**The task**
In the listing below, find the line with "Lemma irreducible_stationary_pos M" and the line with "Lemma irreducible_stationary_unique M". Repeat those two lines and all lines between them exactly.

**Records shown**

# # #

Definition generator {R : realFieldType} {n : nat} (M : 'M[R]_n) : Prop :=
  (forall i j, i != j -> 0 <= M i j) /\ (forall i, \sum_j M i j = 0).

Definition irreducible {R : realFieldType} {n : nat} (M : 'M[R]_n) : Prop :=
  forall i j : 'I_n, connect [rel k l | (k != l) && (0 < M k l)] i j.

Definition stat_strategy {R : realFieldType} {S A : nat} (pi : 'M[R]_(S, A)) : Prop :=
  forall i, simplex (row i pi).

Definition det_mx {R : realFieldType} {S A : nat} (d : {ffun 'I_S -> 'I_A}) : 'M[R]_(S, A) :=
  \matrix_(i, a) (a == d i)%:R.

Definition Qpol {R : realFieldType} {S A : nat} (Q : 'I_A -> 'M[R]_S) (pi : 'M[R]_(S, A))
  : 'M[R]_S := \matrix_(i, j) \sum_a Q a i j * pi i a.

Definition rpol {R : realFieldType} {S A : nat} (r : 'I_S -> 'I_A -> R) (pi : 'M[R]_(S, A))
  : 'cV[R]_S := \col_i \sum_a r i a * pi i a.

(* expected discounted reward of the stationary strategy pi:
   E int_0^oo e^{-beta t} r(X_t) dt = (beta I - Q^pi)^{-1} r^pi *)
Definition Vpol {R : realFieldType} {S A : nat} (beta : R) (Q : 'I_A -> 'M[R]_S)
  (r : 'I_S -> 'I_A -> R) (pi : 'M[R]_(S, A)) : 'cV[R]_S :=
  invmx (beta%:M - Qpol Q pi) *m rpol r pi.

Definition is_value_fn {R : realFieldType} {S A : nat} (beta : R) (Q : 'I_A -> 'M[R]_S)
  (r : 'I_S -> 'I_A -> R) (V : 'cV[R]_S) : Prop :=
  forall i,
    (forall pi : 'M[R]_(S, A), stat_strategy pi -> Vpol beta Q r pi i 0 <= V i 0) /\
    (forall eps, 0 < eps -> exists pi : 'M[R]_(S, A),
        stat_strategy pi /\ V i 0 - eps < Vpol beta Q r pi i 0).

Definition opt_action {R : realFieldType} {S A : nat} (Q : 'I_A -> 'M[R]_S)
  (r : 'I_S -> 'I_A -> R) (V : 'cV[R]_S) (i : 'I_S) (a : 'I_A) : bool :=
  [forall b, r i b + \sum_j Q b i j * V j 0 <= r i a + \sum_j Q a i j * V j 0].

Definition opt_dets {R : realFieldType} {S A : nat} (Q : 'I_A -> 'M[R]_S)
  (r : 'I_S -> 'I_A -> R) (V : 'cV[R]_S) : {set {ffun 'I_S -> 'I_A}} :=
  [set d : {ffun 'I_S -> 'I_A} | [forall i, opt_action Q r V i (d i)]].

Definition in_conv_pol {R : realFieldType} {S A : nat} (D : {set {ffun 'I_S -> 'I_A}})
  (pi : 'M[R]_(S, A)) : Prop :=
  exists c : {ffun {ffun 'I_S -> 'I_A} -> R},
    (forall d, 0 <= c d) /\ \sum_(d in D) c d = 1 /\
    pi = \sum_(d in D) c d *: det_mx d.

Definition best_response {R : realFieldType} {S A : nat} (Q : 'I_A -> 'M[R]_S)
  (r : 'I_S -> 'I_A -> R) (V : 'cV[R]_S) (x : 'rV[R]_S) : Prop :=
  simplex x /\ exists pi, in_conv_pol (opt_dets Q r V) pi /\ x *m Qpol Q pi = 0.

Definition stat_dist {R : realFieldType} {S A : nat} (Q : 'I_A -> 'M[R]_S)
  (d : {ffun 'I_S -> 'I_A}) (x : 'rV[R]_S) : Prop :=
  simplex x /\ x *m Qpol Q (det_mx d) = 0.

From HB Require Import structures.
From mathcomp Require Import all_boot all_order all_algebra.
Set Implicit Arguments.
Unset Strict Implicit.
Unset Printing Implicit Defensive.
Import Order.TTheory GRing.Theory Num.Theory.
Local Open Scope ring_scope.

(* For an irreducible generator, a nonnegative invariant row vector that vanishes at one
   state vanishes everywhere; this makes stationary distributions positive and unique, and
   existence comes from the absolute value of a left kernel vector.
   If x is stationary for a strategy pi mixing optimal actions, replace row i of pi by a
   pure action a and let z_a be the stationary distribution of the result: then x is the
   convex combination of the z_a with weights proportional to pi_ia / z_a(i), so purifying
   the rows one at a time puts x in the convex hull of the x^d.  Conversely, a convex
   combination x = sum_d c_d x^d is stationary for pi_ia = sum_d c_d x^d_i [d(i) = a] / x_i,
   a strategy mixing optimal actions only. *)

Section StationaryDistribution.
Context {R : realFieldType} {n : nat}.
Implicit Types (M : 'M[R]_n) (v x y : 'rV[R]_n).

Lemma simplex_has_pos x : simplex x -> exists k, 0 < x 0 k.
Proof.
case=> _ x_sum1; have [k x_k_pos | x_le0] := pickP (fun k => 0 < x 0 k).
  by exists k.
suff : \sum_k x 0 k <= 0 by rewrite x_sum1 ler10.
by apply: sumr_le0 => k _; rewrite leNgt x_le0.
Qed.

Lemma generator_diag_le0 M : generator M -> forall j, M j j <= 0.
Proof.
case=> M_offdiag M_sum0 j; move/eqP: (M_sum0 j); rewrite (bigD1 j) //= addr_eq0.
by move/eqP->; rewrite oppr_le0 sumr_ge0 // => k k_neq_j; rewrite M_offdiag // eq_sym.
Qed.

Lemma generator_sum_mulmx M x : generator M -> \sum_j (x *m M) 0 j = 0.
Proof.
case=> _ M_sum0; under eq_bigr do rewrite mxE.
by rewrite exchange_big big1 // => i _; rewrite -mulr_sumr M_sum0 mulr0.
Qed.

Lemma stationary_edge_pos M x i j :
  generator M -> (forall k, 0 <= x 0 k) -> x *m M = 0 ->
  i != j -> 0 < M i j -> 0 < x 0 i -> 0 < x 0 j.
Proof.
case=> M_offdiag _ x_ge0 xM0 i_neq_j M_ij_pos x_i_pos.
rewrite lt_def x_ge0 andbT; apply/eqP => x_j0.
have : (x *m M) 0 j = 0 by rewrite xM0 mxE.
rewrite mxE (bigD1 j) //= x_j0 mul0r add0r => /eqP.
rewrite psumr_eq0 => [/allP/(_ i (mem_index_enum _))|k k_neq_j].
  by rewrite i_neq_j mulf_eq0 !gt_eqF.
by rewrite mulr_ge0 // M_offdiag.
Qed.

Lemma irreducible_stationary_pos M x k :
  generator M -> irreducible M -> (forall i, 0 <= x 0 i) -> x *m M = 0 ->
  0 < x 0 k -> forall i, 0 < x 0 i.
Proof.
move=> M_gen M_irr x_ge0 xM0 x_k_pos i; have /connectP[p p_path ->] := M_irr k i.
elim: p k x_k_pos p_path => //= l p IHp k x_k_pos /andP[/andP[k_neq_l M_kl_pos] p_path].
exact: IHp (stationary_edge_pos M_gen x_ge0 xM0 k_neq_l M_kl_pos x_k_pos) p_path.
Qed.

Lemma irreducible_simplex_stationary_pos M x :
  generator M -> irreducible M -> simplex x -> x *m M = 0 -> forall i, 0 < x 0 i.
Proof.
move=> M_gen M_irr x_simplex xM0; have [k x_k_pos] := simplex_has_pos x_simplex.
exact: irreducible_stationary_pos M_gen M_irr (proj1 x_simplex) xM0 x_k_pos.
Qed.

Lemma irreducible_stationary_unique M x y :
  generator M -> irreducible M -> simplex x -> simplex y ->
  x *m M = 0 -> y *m M = 0 -> x = y.
Proof.
move=> M_gen M_irr x_simplex y_simplex xM0 yM0.
have y_pos := irreducible_simplex_stationary_pos M_gen M_irr y_simplex yM0.
have [k0 _] := simplex_has_pos y_simplex.
(* [t] is the largest multiple of [y] below [x]; the remainder vanishes somewhere. *)
have [k _ ratio_min] := arg_minP (fun i => x 0 i / y 0 i) (isT : xpredT k0).
set t := x 0 k / y 0 k; set w := x - t *: y.
have w_ge0 i : 0 <= w 0 i.
  by rewrite !mxE subr_ge0 -ler_pdivlMr ?ratio_min.
have wM0 : w *m M = 0 by rewrite mulmxBl -scalemxAl xM0 yM0 scaler0 subr0.
have w_k0 : w 0 k = 0 by rewrite !mxE divfK ?subrr ?gt_eqF.
have w0 : w = 0.
  apply/rowP => i; rewrite [RHS]mxE; apply/eqP; apply: contraT => w_i_neq0.
  have w_i_pos : 0 < w 0 i by rewrite lt_def w_i_neq0 w_ge0.
  by have := irreducible_stationary_pos M_gen M_irr w_ge0 wM0 w_i_pos k; rewrite w_k0 ltxx.
have x_eq : x = t *: y by apply/eqP; rewrite -subr_eq0 -/w w0.
suff t1 : t = 1 by rewrite x_eq t1 scale1r.
have := proj2 x_simplex; rewrite x_eq.
by under eq_bigr do rewrite mxE; rewrite -mulr_sumr (proj2 y_simplex) mulr1.
Qed.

# # #

**Solution**
Lemma irreducible_stationary_pos M x k :
  generator M -> irreducible M -> (forall i, 0 <= x 0 i) -> x *m M = 0 ->
  0 < x 0 k -> forall i, 0 < x 0 i.
Proof.
move=> M_gen M_irr x_ge0 xM0 x_k_pos i; have /connectP[p p_path ->] := M_irr k i.
elim: p k x_k_pos p_path => //= l p IHp k x_k_pos /andP[/andP[k_neq_l M_kl_pos] p_path].
exact: IHp (stationary_edge_pos M_gen x_ge0 xM0 k_neq_l M_kl_pos x_k_pos) p_path.
Qed.

Lemma irreducible_simplex_stationary_pos M x :
  generator M -> irreducible M -> simplex x -> x *m M = 0 -> forall i, 0 < x 0 i.
Proof.
move=> M_gen M_irr x_simplex xM0; have [k x_k_pos] := simplex_has_pos x_simplex.
exact: irreducible_stationary_pos M_gen M_irr (proj1 x_simplex) xM0 x_k_pos.
Qed.

Lemma irreducible_stationary_unique M x y :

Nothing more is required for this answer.